**TASK DESCRIPTION:** Within the records that follow, find every line containing the string "Prop". Copy those lines.

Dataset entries
Lemma exprV2_small eps : 0 < eps -> exists N, (2 : R) ^- N <= eps.
Proof.
move=> eps_gt0; have := @archi_boundP R eps^-1; rewrite invr_ge0 ltW // => /(_ isT).
set N := Num.Def.archi_bound _ => epsVN; exists N.
rewrite -[eps]invrK lef_pV2 ?posrE ?exprn_gt0 ?invr_gt0 //.
apply: le_trans (ltW epsVN) _.
by rewrite -natrX ler_nat ltnW // ltn_expl.
Qed.

End InversePowersOfTwo.

Definition split_additive (R : numDomainType) (T : Type) (h : set T -> R) :=
  forall S B, h S = h (S `&` B) + h (S `\` B).

Definition tight (R : numDomainType) (T : eqType) (h : set T -> R) :=
  forall eps, 0 < eps -> exists s : seq T, forall S, `|h (S `\` [set` s])| <= eps.

Section ProbabilityMass.
Variables (R : realType) (E : choiceType) (f : E -> R).
Hypothesis f_pmf : is_pmf f.

Let f_ge0 (S : set E) i : S i -> (0 <= (f i)%:E)%E.
Proof. by rewrite lee_fin; case: f_pmf. Qed.

Lemma esum_pmf_le1 S : (\esum_(i in S) (f i)%:E <= 1)%E.
Proof.
case: f_pmf => _ <-; rewrite [X in (_ <= X)%E](esumID S) ?setTI; last exact: f_ge0.
by rewrite leeDl // esum_ge0 // => i; apply: f_ge0.
Qed.

Lemma esum_pmfE S : \esum_(i in S) (f i)%:E = (mass f S)%:E.
Proof.
have S_ge0 : (0 <= \esum_(i in S) (f i)%:E)%E by apply: esum_ge0; apply: f_ge0.
by rewrite /mass fineK // ge0_fin_numE // (le_lt_trans (esum_pmf_le1 S)) ?ltry.
Qed.

Lemma mass_ge0 S : 0 <= mass f S.
Proof. by rewrite -lee_fin -esum_pmfE; apply: esum_ge0; apply: f_ge0. Qed.

Lemma mass_le1 S : mass f S <= 1.
Proof. by rewrite -lee_fin -esum_pmfE esum_pmf_le1. Qed.

Lemma mass_set1 e : mass f [set e] = f e.
Proof. by rewrite /mass esum_set1 //; apply: (f_ge0 (S := setT)). Qed.

Lemma mass_split : split_additive (mass f).
Proof.
move=> S B; apply/eqP; rewrite -eqe EFinD -!esum_pmfE setDE.
by rewrite (esumID B); last exact: f_ge0.
Qed.

Lemma mass_le S T : S `<=` T -> mass f S <= mass f T.
Proof. by move=> ST; rewrite (mass_split T S) (setIidr ST) lerDl mass_ge0. Qed.

Lemma mass_tight : tight (mass f).
Proof.
move=> eps eps_gt0.
have : ((1 - eps)%:E < \esum_(i in [set: E]) (f i)%:E)%E.
  by case: f_pmf => _ ->; rewrite lte_fin ltrBlDr ltrDl.
move=> /ereal_sup_gt[_ [X [X_fin _] <-]].
rewrite -(esum_fset X_fin); last by move=> i _; apply: (f_ge0 (S := setT)).
have [s ->] := (finite_seqP X).1 X_fin; rewrite esum_pmfE lte_fin => s_big.
exists s => S; rewrite ger0_norm ?mass_ge0 //.
have := mass_split setT [set` s]; rewrite setTI.
have -> : mass f setT = 1 by rewrite /mass; case: f_pmf => _ ->.
have /mass_le : S `\` [set` s] `<=` setT `\` [set` s] by apply: setSD.
lra.
Qed.

End ProbabilityMass.

Lemma split_additive_lincomb (R : numDomainType) (T : Type) (a b : R)
    (g1 g2 : set T -> R) :
  split_additive g1 -> split_additive g2 ->
  split_additive (fun X => a * g1 X - b * g2 X).
Proof. by move=> g1_split g2_split S B; rewrite (g1_split S B) (g2_split S B); ring. Qed.

Lemma tight_lincomb (R : realFieldType) (T : eqType) (a b : R)
    (g1 g2 : set T -> R) :
  tight g1 -> tight g2 -> tight (fun X => a * g1 X - b * g2 X).
Proof.
move=> g1_tight g2_tight eps eps_gt0.
have c_gt0 : 0 < `|a| + `|b| + 1 by rewrite ltr_wpDl ?addr_ge0.
have eps'_gt0 : 0 < eps / (`|a| + `|b| + 1) by rewrite divr_gt0.
have [s1 g1_s1] := g1_tight _ eps'_gt0; have [s2 g2_s2] := g2_tight _ eps'_gt0.
exists (s1 ++ s2) => S.
have s12E : [set` (s1 ++ s2)] = [set` s1] `|` [set` s2].
  by rewrite predeqE => x /=; rewrite mem_cat; split => /orP.
have := g1_s1 (S `\` [set` s2]); have := g2_s2 (S `\` [set` s1]).
rewrite !setDDl [_ `|` [set` s1]]setUC -s12E.
set e' := eps / _; set x1 := g1 _; set x2 := g2 _ => x2_le x1_le.
have -> : eps = (`|a| + `|b| + 1) * e' by rewrite mulrC divfK ?gt_eqF.
apply: (le_trans (ler_normB _ _)); rewrite !normrM.
have := ler_wpM2l (normr_ge0 a) x1_le; have := ler_wpM2l (normr_ge0 b) x2_le.
have : 0 <= e' by rewrite ltW ?divr_gt0.
nra.
Qed.

Section SplitAdditive.
Variables (R : realFieldType) (T : Type) (h : set T -> R).
Hypothesis h_split : split_additive h.

Lemma split_additive_set0 : h set0 = 0.
Proof. by have := h_split set0 set0; rewrite set0I set0D; lra. Qed.

Lemma split_additive_setUI X Y : h (X `|` Y) + h (X `&` Y) = h X + h Y.
Proof.
rewrite (h_split (X `|` Y) X) (h_split Y X) setIUl setIid setIC.
by rewrite setDUl setDv set0U setUidl ?subIsetl //; ring.
Qed.

End SplitAdditive.

Definition eventually_agree (T : Type) (X : nat -> set T) (Y : set T) :=
  forall x, exists K, forall k, (K <= k)%N -> X k x <-> Y x.

Section EventuallyAgree.
Variable T : Type.

Lemma eventually_agree_bigcap (X : nat -> set T) :
  {homo X : m n / (m <= n)%N >-> n `<=` m} -> eventually_agree X (\bigcap_k X k).
Proof.
move=> X_dec x; have [Xx|/existsNP[k0 /not_implyP[_ Xk0x]]] := pselect ((\bigcap_k X k) x).
  by exists 0%N => k _; split => // _; apply: Xx.
by exists k0 => k k0k; split => [/(X_dec _ _ k0k)|/(_ k0 I)].
Qed.

Lemma eventually_agree_bigcup (X : nat -> set T) :
  {homo X : m n / (m <= n)%N >-> m `<=` n} -> eventually_agree X (\bigcup_k X k).
Proof.
move=> X_inc x; have [[k0 _ Xk0x]|nXx] := pselect ((\bigcup_k X k) x).
  exists k0 => k k0k; split => [Xkx|_]; first by exists k.
  exact: (X_inc _ _ k0k _ Xk0x).
by exists 0%N => k _; split => [Xkx|//]; exfalso; apply: nXx; exists k.
Qed.

End EventuallyAgree.

Lemma eventually_agree_setI (T : eqType) (X : nat -> set T) Y (s : seq T) :
  eventually_agree X Y ->
  exists K, forall k, (K <= k)%N -> X k `&` [set` s] = Y `&` [set` s].
Proof.
move=> XY; elim: s => [|x s [K XYs]].
  by exists 0%N => k _; rewrite !predeqE => y; split => -[].
have [Kx XYx] := XY x; exists (maxn K Kx) => k; rewrite geq_max => /andP[Kk Kxk].
rewrite predeqE => y /=; rewrite in_cons.
have [->|_] /= := eqVneq y x; first by have := XYx k Kxk; tauto.
by have /predeqP/(_ y) := XYs k Kk.
Qed.

Section Tight.
Variables (R : realFieldType) (T : eqType) (h : set T -> R).
Hypotheses (h_split : split_additive h) (h_tight : tight h).

Lemma le_of_setI_eq (s : seq T) eps X Y :
  (forall S, `|h (S `\` [set` s])| <= eps) ->
  X `&` [set` s] = Y `&` [set` s] -> h X <= h Y + 2 * eps.
Proof.
move=> h_s XYs; rewrite (h_split X [set` s]) (h_split Y [set` s]) XYs.
by have := h_s X; have := h_s Y; rewrite !ler_norml => /andP[? _] /andP[_ ?]; lra.
Qed.

Lemma le_of_eventually_agree X Y c : eventually_agree X Y ->
  (exists K, forall k, (K <= k)%N -> h (X k) <= c) -> h Y <= c.
Proof.
move=> XY [K hX]; apply/ler_addgt0Pr => eps eps_gt0.
have [s h_s] := h_tight (divr_gt0 eps_gt0 (ltr0Sn R 1)).
have [K' XYs] := eventually_agree_setI s XY.
have := le_of_setI_eq h_s (esym (XYs _ (leq_maxr K K'))).
have := hX _ (leq_maxl K K'); lra.
Qed.

End Tight.

Definition set_liminf (T : Type) (X : nat -> set T) : set T :=
  \bigcup_N \bigcap_(n in [set n | (N <= n)%N]) X n.

Section Downset.
Variables (E : Type) (le : E -> E -> Prop) (A : set E).

Definition downset D :=
  D `<=` A /\ forall e e', D e -> A e' -> le e' e -> D e'.

Lemma lower_contour_downset L : lower_contour le A L -> downset L.
Proof. by case. Qed.

Lemma downsetU X Y : downset X -> downset Y -> downset (X `|` Y).
Proof.
move=> [XA X_down] [YA Y_down]; split; first by move=> e [/XA|/YA].
by move=> e e' [Xe|Ye] Ae' e'e; [left; apply: X_down Xe _ _|right; apply: Y_down Ye _ _].
Qed.

Lemma downsetI X Y : downset X -> downset Y -> downset (X `&` Y).
Proof.
move=> [XA X_down] [_ Y_down]; split; first by move=> e [/XA].
by move=> e e' [Xe Ye] Ae' e'e; split; [apply: X_down Xe _ _|apply: Y_down Ye _ _].
Qed.

Lemma downset_bigcup (I : Type) (P : set I) (F : I -> set E) :
  (forall i, P i -> downset (F i)) -> downset (\bigcup_(i in P) F i).
Proof.
move=> F_down; split; first by move=> e [i Pi /(proj1 (F_down i Pi))].
by move=> e e' [i Pi Fie] Ae' e'e; exists i => //; apply: (proj2 (F_down i Pi)) Fie _ _.
Qed.

Lemma downset_bigcap (I : Type) (P : set I) (F : I -> set E) : P !=set0 ->
  (forall i, P i -> downset (F i)) -> downset (\bigcap_(i in P) F i).
Proof.
move=> [i0 Pi0] F_down; split; first by move=> e /(_ i0 Pi0) /(proj1 (F_down i0 Pi0)).
by move=> e e' Fe Ae' e'e i Pi; apply: (proj2 (F_down i Pi)) (Fe i Pi) _ _.
Qed.

Lemma downset_liminf (L : nat -> set E) :
  (forall n, downset (L n)) -> downset (set_liminf L).
Proof.
move=> L_down; apply: downset_bigcup => N _.
by apply: downset_bigcap => [|n _ //]; exists N => /=.
Qed.

Hypothesis le_pre : preorder_cond le.

Lemma exists_minimal_le e : A e -> exists2 m, minimals le A m & le m e.
Proof.
case: le_pre => le_refl le_trans le_stable Ae.
(* Otherwise [next] builds a strictly decreasing sequence below [e]. *)
apply: contrapT => no_min.
have below x : exists y, A x /\ le x e -> [/\ A y, le y x & ~ le x y].
  have [[Ax xe]|] := pselect (A x /\ le x e); last by exists x.
  have /existsNP[y /not_implyP[Ay /not_implyP[yx /not_andP[]]]] :
      ~ (forall y, A y -> le y x -> equiv_pre le y x).
    by move=> x_min; apply: no_min; exists x.
  - by move=> /(_ yx).
  - by exists y.
have [next next_below] := choice below.
pose s n := iter n next e.
have s_below n : A (s n) /\ le (s n) e.
  elim: n => [|n [Asn sne]] /=; first by split => //; apply: le_refl.
  have [Ay ysn _] := next_below (s n) (conj Asn sne).
  by split => //; apply: le_trans ysn sne.
have s_dec n : le (s n.+1) (s n) by have [] := next_below _ (s_below n).
have [N sN_min] := le_stable s s_dec.
by have [_ _] := next_below _ (s_below N); apply; exact: (sN_min N.+1 (leqnSn N)).
Qed.

Lemma lower_contour_meets_minimals L :
  lower_contour le A L -> exists2 m, minimals le A m & L m.
Proof.
move=> [[e Le] LA L_down]; have [m m_min me] := exists_minimal_le (LA e Le).
by exists m => //; apply: L_down Le _ me; case: m_min.
Qed.

End Downset.

Lemma finite_pigeonhole_antitone (T : eqType) (M : set T) (P : T -> nat -> Prop) :
  finite_set M -> (forall x m n, (m <= n)%N -> P x n -> P x m) ->
  (forall n, exists2 x, M x & P x n) -> exists2 x, M x & forall n, P x n.
Proof.
move=> /finite_seqP[s ->] P_anti; elim: s => [|y s IHs] sP.
  by have [] := sP 0%N.
have [Py|/existsNP[n0 Pyn0]] := pselect (forall n, P y n).
  by exists y => //=; rewrite mem_head.
have [n|x xs Px] := IHs; last by exists x => //=; rewrite in_cons xs orbT.
have [x] := sP (maxn n n0); rewrite /= in_cons => /predU1P[->|xs Px].
  by move=> /(P_anti _ n0); rewrite leq_maxr => /(_ isT).
by exists x => //; apply: P_anti Px; rewrite leq_maxl.
Qed.

Section NonnegativeOnDownsets.
Variables (R : realType) (E : eqType) (le : E -> E -> Prop) (A : set E).
Variable h : set E -> R.
Hypotheses (h_split : split_additive h) (h_tight : tight h).
Hypothesis h_ge0 : forall D, downset le A D -> 0 <= h D.

Lemma downset_setI_le X Y :
  downset le A X -> downset le A Y -> h (X `&` Y) <= h X + h Y.
Proof.
move=> X_down Y_down; have := split_additive_setUI h_split X Y.
by have := h_ge0 (downsetU X_down Y_down); lra.
Qed.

**WRITTEN RESPONSE:**
Variables (E : Type) (le : E -> E -> Prop) (A : set E).
Lemma finite_pigeonhole_antitone (T : eqType) (M : set T) (P : T -> nat -> Prop) :
Variables (R : realType) (E : eqType) (le : E -> E -> Prop) (A : set E).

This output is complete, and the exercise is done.